Парижское кафе. За столиком сидят Альдона, Ганс и Курт. Они читают немецкие газеты, Ганс опускает свою. Он расстроен. Говорит медленно и мрачно:
— Фашисты Генлейна поднимают голову в чехословацких Судетах, я родом оттуда. Неужели моя семья когда-нибудь очутится в их руках? Что делать? Может, мое место сейчас там?
Молчание.
Быстро входит Сергей. Подсаживается. Он взбешен.
— Что, заждались? Рой оставил меня в дураках! Слушайте. Как договорились, я вышел из кафе первым и подстерег его на углу. Но квартала через два он меня заметил. Подождал и говорит с улыбкой: «Хорошо, что я вас заметил. Нам нужно поговорить не о деле, а о себе — узнать один другого и подружиться. Ведь мы спаяны в одно целое. Запишите мой парижский адрес, а пока проводите до нашего консульства. Сегодня вечером, часов в семь, заходите — посидим, поговорим». Я проводил его до дверей консульства, но ждать вечера не стал. Сел в такси и поехал по полученному адресу — обследовать место и дом, чтобы подготовить для вас места на улице.
У слушателей радостное оживление на лицах.
— Ну?!
— Подъезжаю. Что бы вы думали? Под этим номером значится строящийся дом! Подлец, он на всякий случай подготовил эту увертку!
Общее разочарование.
— Вот тебе и печатник!
— Он не печатник, а матерый разведчик! Как ловко он ушел от меня!
Значит, мы потеряли еще один месяц…
Небольшая спальня. Спиной к зрителям стоит Дорис Шерер. На ней черный халат из блестящего шелка. В зеркале видно лицо, разделенное на черную и белую половины.
Дорис пудрит левую сторону и слева подкрашивает губы. Шепчет: «С этой стороны недурна. Хороши глаз и лоб. Красива линия губ. А с этой… — она приближает лицо к зеркалу. Видна отталкивающая маска. — Брр… Ради Германии надо терпеть… Я приведу этого смазливого дурачка за ухо к ногам фюрера».

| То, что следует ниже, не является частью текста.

(* Let $P=(P_1,P_2,P_3)$ be the Pauli tuple and $\overline{P}=(P_1,P_2,-P_3)$ its entrywise complex conjugate. Then $\mathcal D_P=\mathcal D_P^\circ$ and $\mathcal D_{\overline{P}}=\mathcal D_{\overline{P}}^\circ$. Consequently $\mathcal D_P=\mathrm{mconv}(P)$, $P$ is a free extreme point of $\mathcal D_P$, every free extreme point of $\mathcal D_P$ is unitarily equivalent to $P$, and $\mathcal D_P$ is the matrix convex hull of its free extreme points.
   Context: $SM_n(\mathbb F)^g$ denotes the set of $g$-tuples of self-adjoint $n\times n$ matrices with entries in $\mathbb F\in\{\mathbb R,\mathbb C\}$, and $SM^g=\bigcup_n SM_n(\mathbb C)^g$. For $A=(A_1,\dots,A_g)\in SM_d(\mathbb C)^g$, the free spectrahedron is $\mathcal D_A=\bigcup_{n\ge1}\mathcal D_A(n)$ with $\mathcal D_A(n)=\{X\in SM_n(\mathbb C)^g: I-\sum_{i=1}^g A_i\otimes X_i\succeq 0\}$. A matrix convex set is a graded set $K=\bigcup_n K(n)$, $K(n)\subseteq SM_n^g$, closed under matrix convex combinations $\sum_{i} V_i^*X^{(i)}V_i$ with $X^{(i)}\in K(n_i)$, $V_i\in M_{n_i\times n}$, $\sum_i V_i^*V_i=I_n$; $\mathrm{mconv}(S)$ is the smallest matrix convex set containing $S$ (no closure). The free polar dual of a matrix convex set $K$ in $g$ variables is $K^\circ=\{X\in SM^g:\ \sum_{i=1}^g Y_i\otimes X_i\preceq I \text{ for all } Y\in K\}$. A point $X\in K(n)$ is a free extreme point of $K$ if whenever $X=\sum_i V_i^*X^{(i)}V_i$ is a matrix convex combination of points $X^{(i)}\in K$ with all $V_i\neq0$, each $X^{(i)}$ is unitarily equivalent to $X$ or to $X\oplus Z$ for some $Z\in K$. The Pauli tuple is $P=\left(\begin{bmatrix}1&0\\0&-1\end{bmatrix},\begin{bmatrix}0&1\\1&0\end{bmatrix},\begin{bmatrix}0&i\\-i&0\end{bmatrix}\right)$. *)

From HB Require Import structures.
From mathcomp Require Import all_boot all_order all_algebra.
From mathcomp Require Import complex mxtens.
From mathcomp Require Import reals.
Set Implicit Arguments. Unset Strict Implicit. Unset Printing Implicit Defensive.
Import Order.TTheory GRing.Theory Num.Theory.
Local Open Scope ring_scope.

Section FreeSpec.
Variable R : realType.
Local Notation C := R[i].

Definition adjmx (m n : nat) (A : 'M[C]_(m, n)) : 'M[C]_(n, m) :=
  (map_mx Num.conj A)^T.

Definition selfadj (n : nat) (A : 'M[C]_n) : Prop := adjmx A = A.

Definition psd (n : nat) (A : 'M[C]_n) : Prop :=
  selfadj A /\ forall v : 'cV[C]_n, 0 <= (adjmx v *m A *m v) 0 0.

Definition tup (g n : nat) := 'I_g -> 'M[C]_n.

Definition SM (g n : nat) (X : tup g n) : Prop := forall i, selfadj (X i).

(* graded sets: K n is the level-n part K(n); only levels n >= 1 are meaningful *)
Definition gset (g : nat) := forall n : nat, tup g n -> Prop.

Definition gset_eq (g : nat) (K L : gset g) : Prop :=
  forall n, (0 < n)%N -> forall X : tup g n, K n X <-> L n X.

Definition gsubset (g : nat) (K L : gset g) : Prop :=
  forall n, (0 < n)%N -> forall X : tup g n, K n X -> L n X.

Черное бархатное покрывало широкого дивана. Вдали на стене в черной раме неясно виден большой портрет Гитлера. На диване в розовом белье навзничь лежит Дорис, сунув под себя обожженную черную руку и повернув вниз черную половину лица. Белокурые гладкие волосы волнами лежат на черной ткани, нежное розовое лицо ласково и привлекательно. Перед ней сидит Сергей. На нем щегольская бархатная куртка, очень светлый двубортный жилет и светлые брюки. Он одной рукой опирается в черный бархат.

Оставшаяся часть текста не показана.